A single, self-consistent contract links three layers of the codebase:

  1. Global ConstantsTimeDefaults, Distribution
  2. Random Variable SchemaRVConfig
  3. Traffic-Generator PayloadRqsGeneratorInput

Understanding how these layers interact is key to crafting valid and predictable traffic profiles, preventing common configuration errors before the simulation begins.


1. Global Constants

Constant Set Purpose Key Values
TimeDefaults (IntEnum) Defines default values and validation bounds for time-based fields. SIMULATION_TIME = 3600 s, MIN_SIMULATION_TIME = 1800 s, USER_SAMPLING_WINDOW = 60 s, MIN_USER_SAMPLING_WINDOW = 1 s, MAX_USER_SAMPLING_WINDOW = 120 s
Distribution (StrEnum) Defines the canonical names of probability distributions supported by the generator. "poisson", "normal", "log_normal", "exponential"

Why use constants?

  • Consistency: They are referenced by validators; changing a value in one place updates the entire validation tree.
  • Safety: They guarantee that a typo, such as "Poisson", raises an error instead of silently failing or switching to an unintended default.

2. Random Variable Schema (RVConfig)

class RVConfig(BaseModel):
    """class to configure random variables"""

    mean: float
    distribution: Distribution = Distribution.POISSON
    variance: float | None = None

    @field_validator("mean", mode="before")
    def ensure_mean_is_numeric(
        cls, # noqa: N805
        v: object,
        ) -> float:
        """Ensure `mean` is numeric, then coerce to float."""
        err_msg = "mean must be a number (int or float)"
        if not isinstance(v, (float, int)):
            raise ValueError(err_msg)  # noqa: TRY004
        return float(v)

    @model_validator(mode="after")  # type: ignore[arg-type]
    def default_variance(cls, model: "RVConfig") -> "RVConfig":  # noqa: N805
        """Set variance = mean when distribution == 'normal' and variance is missing."""
        if model.variance is None and model.distribution == Distribution.NORMAL:
            model.variance = model.mean
        return model

Validation Logic

Check Pydantic Hook Rule
Mean must be numeric @field_validator("mean", before) Rejects strings and nulls; coerces int to float.
Autofill variance @model_validator(after) If distribution == "normal" and variance is not provided, sets variance = mean.
Positivity enforcement PositiveFloat / PositiveInt Pydantic's constrained types are used on fields like mean where negative values are invalid, rejecting them before business logic runs.

Self-Consistency: Every random draw in the simulation engine relies on a validated RVConfig instance. This avoids redundant checks and defensive code downstream.


3. Traffic-Generator Payload (RqsGeneratorInput)

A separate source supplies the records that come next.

Lemma wnorm1_sub_le_of_cone rho K S x z :
  0 <= rho < 1 ->
  wnorm N B blk w 1 (restr blk S (fun i => z i - x i))
    <= rho * wnorm N B blk w 1 (restr blk (compl S) (fun i => z i - x i)) + K ->
  wnorm N B blk w 1 (fun i => z i - x i)
    <= ((1 + rho) * (wnorm N B blk w 1 z - wnorm N B blk w 1 x
                     + 2 * wnorm N B blk w 1 (restr blk (compl S) x)) + 2 * K) / (1 - rho).
Proof.
  intros Hrho Hcone.
  rewrite (wnorm1_split S (fun i => z i - x i)), (wnorm1_split S z), (wnorm1_split S x).
  set (W1 := wnorm N B blk w 1).
  assert (HxS : W1 (restr blk S x) <= W1 (restr blk S z) + W1 (restr blk S (fun i => z i - x i)))
    by (apply wnorm1_restr_sub_le; intros; ring).
  assert (HvC : W1 (restr blk (compl S) (fun i => z i - x i))
                  <= W1 (restr blk (compl S) z) + W1 (restr blk (compl S) x))
    by (apply wnorm1_restr_sub_le; intros; ring).
  fold W1 in Hcone.
  apply (Rmult_le_reg_l (1 - rho)); [lra|].
  replace ((1 - rho) * (_ / (1 - rho))) with
    ((1 + rho) * (W1 (restr blk S z) + W1 (restr blk (compl S) z)
                  - (W1 (restr blk S x) + W1 (restr blk (compl S) x))
                  + 2 * W1 (restr blk (compl S) x)) + 2 * K) by (field; lra).
  nra.
Qed.

End WeightedBlockNorms.

Lemma is_glb_exists (E : R -> Prop) :
  (exists y, E y) -> (forall y, E y -> 0 <= y) -> exists r, is_glb E r.
Proof.
  intros [y0 Hy0] Hlb.
  destruct (completeness (fun y => E (- y))) as [m [Hub Hleast]].
  - exists 0. intros y Hy. pose proof (Hlb _ Hy). lra.
  - exists (- y0). rewrite Ropp_involutive. exact Hy0.
  - exists (- m). split.
    + intros y Hy. assert (- y <= m) by (apply Hub; rewrite Ropp_involutive; exact Hy). lra.
    + intros l Hl. assert (m <= - l) by (apply Hleast; intros y Hy; pose proof (Hl _ Hy); lra). lra.
Qed.

Lemma best_s_term_err_glb N B blk w s p x :
  0 <= s ->
  is_glb (fun r => exists z, wzero N B blk w z <= s /\ r = wnorm N B blk w p (fun i => x i - z i))
         (best_s_term_err N B blk w s p x).
Proof.
  intros Hs. unfold best_s_term_err. apply epsilon_spec, is_glb_exists.
  - exists (wnorm N B blk w p (fun i => x i - 0)), (fun _ => 0). split; [|reflexivity].
    unfold wzero, wsize. rewrite (fsum_ext _ _ (fun _ => 0)), fsum_0; [exact Hs|].
    intros b _. rewrite blocknorm_zero. destruct Req_EM_T; [reflexivity|lra].
  - intros y [z [_ ->]]. apply rpow_nonneg.
Qed.

Lemma le_best_s_term_err N B blk w s p x L :
  0 <= s ->
  (forall z, wzero N B blk w z <= s -> L <= wnorm N B blk w p (fun i => x i - z i)) ->
  L <= best_s_term_err N B blk w s p x.
Proof.
  intros Hs HL. apply (proj2 (best_s_term_err_glb N B blk w s p x Hs)).
  intros r [z [Hz ->]]. exact (HL z Hz).
Qed.

Lemma le_affine_best_s_term_err N B blk w s p x y a d e :
  0 <= s -> 0 < a ->
  (forall z, wzero N B blk w z <= s ->
     y <= a * (d + 2 * wnorm N B blk w p (fun i => x i - z i)) + e) ->
  y <= a * (d + 2 * best_s_term_err N B blk w s p x) + e.
Proof.
  intros Hs Ha Hy.
  assert (Hdiv : (y - e) / a <= d + 2 * best_s_term_err N B blk w s p x).
  { enough (((y - e) / a - d) / 2 <= best_s_term_err N B blk w s p x) by lra.
    apply le_best_s_term_err; [exact Hs|]. intros z Hz. specialize (Hy z Hz).
    enough ((y - e) / a <= d + 2 * wnorm N B blk w p (fun i => x i - z i)) by lra.
    apply (Rmult_le_reg_l a); [exact Ha|].
    replace (a * ((y - e) / a)) with (y - e) by (field; lra). lra. }
  replace y with (a * ((y - e) / a) + e) by (field; lra).
  apply Rplus_le_compat_r, Rmult_le_compat_l; lra.
Qed.

Section RobustNullSpaceProperty.

Variables (m N B : nat) (blk : nat -> nat) (w : nat -> R) (A : nat -> nat -> R).
Variables (q s rho tau : R).
Hypothesis Hw : forall b, (b < B)%nat -> 1 <= w b.
Hypothesis Hs : 0 < s.
Hypothesis Hrho : 0 <= rho < 1.
Hypothesis Hnsp : forall (x : nat -> R) (S : nat -> bool),
  wsize B w S <= s ->
  wnorm N B blk w q (restr blk S x)
    <= rho / Rpower s (1 - 1 / q) * wnorm N B blk w 1 (restr blk (compl S) x)
       + tau * norm2 m (matvec m N A x).

Lemma nsp_lp p x S :
  1 <= p <= q -> wsize B w S <= s ->
  wnorm N B blk w p (restr blk S x)
    <= rho / Rpower s (1 - 1 / p) * wnorm N B blk w 1 (restr blk (compl S) x)
       + tau * Rpower s (1 / p - 1 / q) * norm2 m (matvec m N A x).
Proof.
  intros Hpq HS.
  pose proof (wnorm_restr_holder N B blk w Hw p q s S x Hpq HS) as Hholder.
  pose proof (Hnsp x S HS) as Hq.
  assert (Esplit : Rpower s (1 - 1 / q) = Rpower s (1 - 1 / p) * Rpower s (1 / p - 1 / q))
    by (rewrite <- Rpower_plus; f_equal; ring).
  rewrite Esplit in Hq.
  assert (Ha : 0 < Rpower s (1 - 1 / p)) by apply exp_pos.
  assert (Hb : 0 < Rpower s (1 / p - 1 / q)) by apply exp_pos.
  eapply Rle_trans; [exact Hholder|].
  eapply Rle_trans; [apply Rmult_le_compat_l; [lra|exact Hq]|].
  right. field. lra.
Qed.

Lemma nsp_wnorm_le_wnorm1 p v :
  1 <= p <= q ->
  wnorm N B blk w p v
    <= (1 + rho) / Rpower s (1 - 1 / p) * wnorm N B blk w 1 v
       + tau * Rpower s (1 / p - 1 / q) * norm2 m (matvec m N A v).
Proof.
  intros Hpq.
  destruct (wnorm_stechkin N B blk w Hw p s v) as [S [HS Htail]]; [lra|exact Hs|].
  pose proof (wnorm_le_restr_compl N B blk w Hw p S v ltac:(lra)) as Hsplit.
  pose proof (nsp_lp p v S Hpq HS) as Hhead.
  pose proof (wnorm1_restr_le N B blk w Hw (compl S) v) as Hcompl.
  assert (Ha : 0 < Rpower s (1 - 1 / p)) by apply exp_pos.
  replace (1 / p - 1) with (- (1 - 1 / p)) in Htail by ring.
  rewrite Rpower_Ropp in Htail.
  assert (rho / Rpower s (1 - 1 / p) * wnorm N B blk w 1 (restr blk (compl S) v)
            <= rho / Rpower s (1 - 1 / p) * wnorm N B blk w 1 v)
    by (apply Rmult_le_compat_l; [apply Rle_mult_inv_pos; lra|exact Hcompl]).
  replace ((1 + rho) / Rpower s (1 - 1 / p) * wnorm N B blk w 1 v)
    with (rho / Rpower s (1 - 1 / p) * wnorm N B blk w 1 v
          + / Rpower s (1 - 1 / p) * wnorm N B blk w 1 v) by (field; lra).
  lra.
Qed.

Lemma nsp_l1 x S :
  1 <= q -> wsize B w S <= s ->
  wnorm N B blk w 1 (restr blk S x)
    <= rho * wnorm N B blk w 1 (restr blk (compl S) x)
       + tau * Rpower s (1 - 1 / q) * norm2 m (matvec m N A x).
Proof.
  intros Hq HS. pose proof (nsp_lp 1 x S ltac:(lra) HS) as H.
  replace (1 - 1 / 1) with 0 in H by field. replace (1 / 1) with 1 in H by field.
  rewrite Rpower_O in H by exact Hs. unfold Rdiv in H. rewrite Rinv_1, Rmult_1_r in H.
  exact H.
Qed.

Lemma nsp_error_bound p x z S :
  1 <= p <= q -> wsize B w S <= s ->
  wnorm N B blk w p (fun i => z i - x i)
    <= ((1 + rho) ^ 2 / (1 - rho)) / Rpower s (1 - 1 / p)
         * (wnorm N B blk w 1 z - wnorm N B blk w 1 x
            + 2 * wnorm N B blk w 1 (restr blk (compl S) x))
       + ((3 + rho) / (1 - rho) * tau) / Rpower s (1 / q - 1 / p)
         * norm2 m (matvec m N A (fun i => z i - x i)).
Proof.
  intros Hpq HS. set (v := fun i => z i - x i).
  set (eta := norm2 m (matvec m N A v)).
  set (Q := wnorm N B blk w 1 z - wnorm N B blk w 1 x
            + 2 * wnorm N B blk w 1 (restr blk (compl S) x)).
  set (a := Rpower s (1 - 1 / p)). set (c := Rpower s (1 / p - 1 / q)).
  assert (Ha : 0 < a) by apply exp_pos. assert (Hc : 0 < c) by apply exp_pos.
  assert (Eac : Rpower s (1 - 1 / q) = a * c) by (unfold a, c; rewrite <- Rpower_plus; f_equal; ring).
  assert (Ec : Rpower s (1 / q - 1 / p) = / c)
    by (unfold c; rewrite <- Rpower_Ropp; f_equal; ring).
  pose proof (wnorm1_sub_le_of_cone N B blk w Hw rho (tau * Rpower s (1 - 1 / q) * eta) S x z
                ltac:(lra) (nsp_l1 v S ltac:(lra) HS)) as Hl1.
  fold v Q in Hl1. rewrite Eac in Hl1.
  pose proof (nsp_wnorm_le_wnorm1 p v Hpq) as Hp. fold a c eta in Hp.
  rewrite Ec.
  eapply Rle_trans; [exact Hp|].
  apply Rle_trans with ((1 + rho) / a * (((1 + rho) * Q + 2 * (tau * (a * c) * eta)) / (1 - rho))
                        + tau * c * eta).
  - apply Rplus_le_compat_r, Rmult_le_compat_l; [apply Rle_mult_inv_pos; lra|exact Hl1].
  - right. field. lra.
Qed.

End RobustNullSpaceProperty.
(* Let $K, L, \Gamma, \Delta, P, \Lambda$ be positive integers with $\Gamma \le L$, $\Delta \le K$, $\Lambda \le P$, $\Delta \mid K$ and $\Lambda \mid P$. Let $\bar{\mathcal{F}} \in \mathbb{R}^{K \times P \times \cdots \times P}$ (with $L$ modes of size $P$ after the first) be any demand tensor, $\bar{\mathcal{F}}(k,\underline{\mathbf{p}}) = c_{k,\underline{\mathbf{p}}}$, whose entries vanish at every index $(k,\underline{\mathbf{p}})$ for which more than $\Gamma$ coordinates of $\underline{\mathbf{p}}=(p_1,\dots,p_L)\in[P]^L$ are active (differ from $1$). Then there exist an integer $$N \le \frac{K}{\Delta}\binom{L}{\Gamma}\min\big(\Delta,\Lambda^{\Gamma}\big)\Big(\frac{P}{\Lambda}\Big)^{\Gamma},$$ a decoding matrix $\mathbf{D}\in\mathbb{R}^{K\times N}$ and an encoding tensor $\bar{\mathcal{E}}\in\mathbb{R}^{N\times P\times\cdots\times P}$ such that $\bar{\mathcal{F}} = \bar{\mathcal{E}}\times_1 \mathbf{D}$ (lossless recovery of all $K$ demands) and, for every $n\in[N]$: (i) the column $\mathbf{D}(:,n)$ has at most $\Delta$ nonzero entries; (ii) there is a set $\mathcal{S}_n\subseteq[L]$ with $|\mathcal{S}_n|\le\Gamma$ such that $\bar{\mathcal{E}}(n,\underline{\mathbf{p}})\neq 0$ only if all coordinates $p_\ell$ with $\ell\notin\mathcal{S}_n$ are inactive (equal to $1$); (iii) for each $\ell\in\mathcal{S}_n$, writing $\mathcal{P}_n=\{\underline{\mathbf{p}}:\bar{\mathcal{E}}(n,\underline{\mathbf{p}})\neq0\}$, one has $\max_{\underline{\mathbf{p}}\in\mathcal{P}_n}p_\ell-\min_{\underline{\mathbf{p}}\in\mathcal{P}_n}p_\ell+1\le\Lambda$. Consequently the system rate $R=K/N$ is achievable.
   Context: Distributed computing setting: $K$ users, $N$ servers, $L$ real basis subfunctions with outputs $W_1,\dots,W_L$. User $k$ requests $F_k=\sum_{\underline{\mathbf{p}}\in[P]^L} c_{k,\underline{\mathbf{p}}}\prod_{\ell\in[L]}W_\ell^{p_\ell}$; the coefficients form the order-$(L+1)$ tensor $\bar{\mathcal{F}}$. Server $n$ computes the subfunctions in $\mathcal{S}_n$ and the monomials indexed by $\mathcal{P}_n$, transmits $z_n=\sum_{\underline{\mathbf{p}}\in\mathcal{P}_n}e_{n,\underline{\mathbf{p}}}\prod_\ell W_\ell^{p_\ell}$ (with $\bar{\mathcal{E}}(n,\underline{\mathbf{p}})=e_{n,\underline{\mathbf{p}}}$) to at most $\Delta$ users, and user $k$ forms $F'_k=\sum_n d_{k,n}z_n$ with $\mathbf{D}=(d_{k,n})$; error-free recovery for all demands is equivalent to $\bar{\mathcal{F}}=\bar{\mathcal{E}}\times_1\mathbf{D}$. Constraints: computation cost $\Gamma$ (number of subfunctions per server), communication cost $\Delta$ (users per server), multiplication cost $\Lambda$ (range of exponents of each computed subfunction per server). The mode-1 product $\bar{\mathcal{E}}\times_1\mathbf{D}$ is defined by unfolding $\bar{\mathcal{E}}$ along mode 1 into $\bar{\mathcal{E}}_{(1)}\in\mathbb{R}^{N\times P^L}$, computing $\mathbf{D}\bar{\mathcal{E}}_{(1)}$, and folding back to a $K\times P\times\cdots\times P$ tensor; equivalently $(\bar{\mathcal{E}}\times_1\mathbf{D})(k,\underline{\mathbf{p}})=\sum_n d_{k,n}\bar{\mathcal{E}}(n,\underline{\mathbf{p}})$. The system rate is $R=K/N$. *)

(* Exponent index p_l in [P] = {1..P} is encoded as i : 'I_P
   with value i = p_l - 1; "inactive" (p_l = 1) means val i = 0. *)
From HB Require Import structures.
From mathcomp Require Import all_boot all_order all_algebra.
From mathcomp Require Import reals.
Set Implicit Arguments. Unset Strict Implicit. Unset Printing Implicit Defensive.
Import Order.TTheory GRing.Theory Num.Theory.
Local Open Scope ring_scope.

Definition midx (L P : nat) := {ffun 'I_L -> 'I_P}.

Definition active (L P : nat) (p : midx L P) (l : 'I_L) : bool := (val (p l) != 0)%N.

Definition num_active (L P : nat) (p : midx L P) : nat := #|[set l | active p l]|.

Definition mode1_prod (R : ringType) (K N L P : nat)
  (E : 'I_N -> midx L P -> R) (D : 'M[R]_(K, N)) : 'I_K -> midx L P -> R :=
  fun k p => \sum_(n < N) D k n * E n p.

From HB Require Import structures.
From mathcomp Require Import all_boot all_order all_algebra.
From mathcomp Require Import reals.
From mathcomp Require Import zify.
From Stdlib Require Import FunctionalExtensionality.
Set Implicit Arguments. Unset Strict Implicit. Unset Printing Implicit Defensive.
Import Order.TTheory GRing.Theory Num.Theory.
Local Open Scope ring_scope.

(* Split the users into groups of Delta consecutive users, and the
   monomials with at most Gamma active coordinates into cells: a cell fixes a set
   S of exactly Gamma coordinates containing every active one and, for each
   coordinate, the window of Lambda consecutive exponents it lies in.  A single
   server can serve a (group, cell) block of the demand tensor whenever that
   block has rank one, which holds if the group or the cell is a singleton.
   Singleton groups give K * 'C(L, Gamma) * (P/Lambda)^Gamma servers, singleton
   cells (one monomial each) give (K/Delta) * 'C(L, Gamma) * P^Gamma servers; the
   first count is the bound when Delta <= Lambda^Gamma, the second otherwise. *)

Section Padding.
Variable T : finType.
Implicit Types (A B : {set T}) (n : nat).

Lemma exists_superset_card A n : (#|A| <= n <= #|T|)%N ->
  exists2 B : {set T}, A \subset B & #|B| = n.
Proof.
case/andP=> leAn lenT.
have : (n - #|A| <= #|~: A|)%N by have := cardsC A; lia.
case/card_geqP=> s [uniq_s size_s sA'].
exists (A :|: [set x in s]); first exact: subsetUl.
have disjA : A :&: [set x in s] = set0.
  apply/eqP; rewrite setI_eq0 disjoint_sym disjoints_subset.
  by apply/subsetP=> x; rewrite inE => /sA'.
by rewrite cardsU disjA cards0 subn0 cardsE (card_uniqP uniq_s); lia.
Qed.

(* Padding to exactly [n] elements is what lets ['C(L, Gamma)] count the cells;
   when no such superset exists, [pad n A] is [A] itself. *)
Definition pad n A : {set T} :=
  odflt A [pick B : {set T} | (A \subset B) && (#|B| == n)].

Lemma subset_pad n A : A \subset pad n A.
Proof. by rewrite /pad; case: pickP => [B /andP[]|]. Qed.

Lemma card_pad n A : (#|A| <= n <= #|T|)%N -> #|pad n A| = n.
Proof.
move=> /exists_superset_card[B sAB cB]; rewrite /pad; case: pickP => [B' /andP[_ /eqP]//|].
by move=> /(_ B); rewrite sAB cB eqxx.
Qed.

End Padding.

Definition active_set (L m : nat) (p : midx L m) : {set 'I_L} := [set l | active p l].

Definition cells (L m n : nat) : {set {set 'I_L} * midx L m} :=
  [set c : {set 'I_L} * midx L m | (#|c.1| == n) && (active_set c.2 \subset c.1)].

Lemma card_cells (L m n : nat) : (0 < m)%N ->
  #|cells L m n| = ('C(L, n) * m ^ n)%N.
Proof.
move=> m_gt0; pose y0 := Ordinal m_gt0.
rewrite cardsE -sum1_card -(pair_big_dep (fun S : {set 'I_L} => #|S| == n)
                       (fun S p => active_set p \subset S) (fun _ _ => 1%N)) /=.
rewrite (eq_bigr (fun _ => m ^ n)%N) => [|S /eqP cardS].
  rewrite sum_nat_const -[X in 'C(X, _)]card_ord -card_draws.
  by congr (_ * _)%N; apply: eq_card => S; rewrite inE.
rewrite sum1_card -cardS -[X in (X ^ _)%N]card_ord -(card_pffun_on y0 S predT).
have supp_y0 (p : midx L m) : y0.-support p =i active_set p.
  by move=> l; rewrite !inE /active -val_eqE.
apply: eq_card => p; apply/idP/pffun_onP => [suppS | [suppS _]].
  by split=> //; rewrite (eq_subset (supp_y0 p)).
by rewrite unfold_in /= -(eq_subset (supp_y0 p)).
Qed.

Section Servers.
Variables (R : nzRingType) (K L P Gamma Delta Lambda : nat).

Definition cell_ok (M : pred (midx L P)) : Prop :=
  exists S : {set 'I_L},
    (#|S| <= Gamma)%N /\
    (forall p, M p -> forall l, l \notin S -> ~~ active p l) /\
    (forall l, l \in S -> forall p q, M p -> M q ->
       (val (p l) + 1 <= val (q l) + Lambda)%N).

Definition server_ok (d : 'I_K -> R) (e : midx L P -> R) : Prop :=
  (#|[set k | d k != 0%R]| <= Delta)%N /\ cell_ok (fun p => e p != 0).

Definition realizable (F : 'I_K -> midx L P -> R) (N : nat) : Prop :=
  exists (D : 'M[R]_(K, N)) (E : 'I_N -> midx L P -> R),
    F = mode1_prod E D /\ forall n : 'I_N, server_ok (fun k => D k n) (E n).

Lemma cell_ok_sub (M M' : pred (midx L P)) :
  (forall p, M' p -> M p) -> cell_ok M -> cell_ok M'.
Proof.
move=> sM'M [S [cardS [outS rangeS]]]; exists S; split=> //.
by split=> [p /sM'M | l lS p q /sM'M Mp /sM'M Mq]; [exact: outS | exact: rangeS].
Qed.

Lemma realizable_sum (T : finType) (A : {set T}) (F : 'I_K -> midx L P -> R)
    (d : T -> 'I_K -> R) (e : T -> midx L P -> R) :
  (forall k p, F k p = \sum_(t in A) d t k * e t p) ->
  (forall t, t \in A -> server_ok (d t) (e t)) ->
  realizable F #|A|.
Proof.
move=> F_sum ok_de.
exists (\matrix_(k, n) d (enum_val n) k), (fun n => e (enum_val n)); split.
  apply: functional_extensionality => k; apply: functional_extensionality => p.
  by rewrite F_sum big_enum_val; apply: eq_bigr => n _; rewrite mxE.
move=> n; have [card_d ok_e] := ok_de _ (enum_valP n); split=> //.
by rewrite (eq_card (B := [set k | d (enum_val n) k != 0%R])) // => k; rewrite !inE mxE.
Qed.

Field Type Validation Tied to Constants
avg_active_users RVConfig No extra constraints needed; the inner schema guarantees correctness.
avg_request_per_minute_per_user RVConfig Same as above.
total_simulation_time int ge=TimeDefaults.MIN_SIMULATION_TIME
default=TimeDefaults.SIMULATION_TIME
user_sampling_window int ge=TimeDefaults.MIN_USER_SAMPLING_WINDOW
le=TimeDefaults.MAX_USER_SAMPLING_WINDOW
default=TimeDefaults.USER_SAMPLING_WINDOW

How the Generator Uses Each Field

The simulation evolves based on a simple, powerful loop:

  1. Timeline Partitioning (user_sampling_window): The simulation timeline is divided into fixed-length windows. For each window:
  2. Active User Sampling (avg_active_users): A single value is drawn to determine the concurrent user population, U(t), for that window.
  3. Request Rate Calculation (avg_request_per_minute_per_user): Each of the U(t) users contributes to the total request rate, yielding an aggregate load for the window.
  4. Termination (total_simulation_time): The loop stops once the cumulative simulated time reaches this value.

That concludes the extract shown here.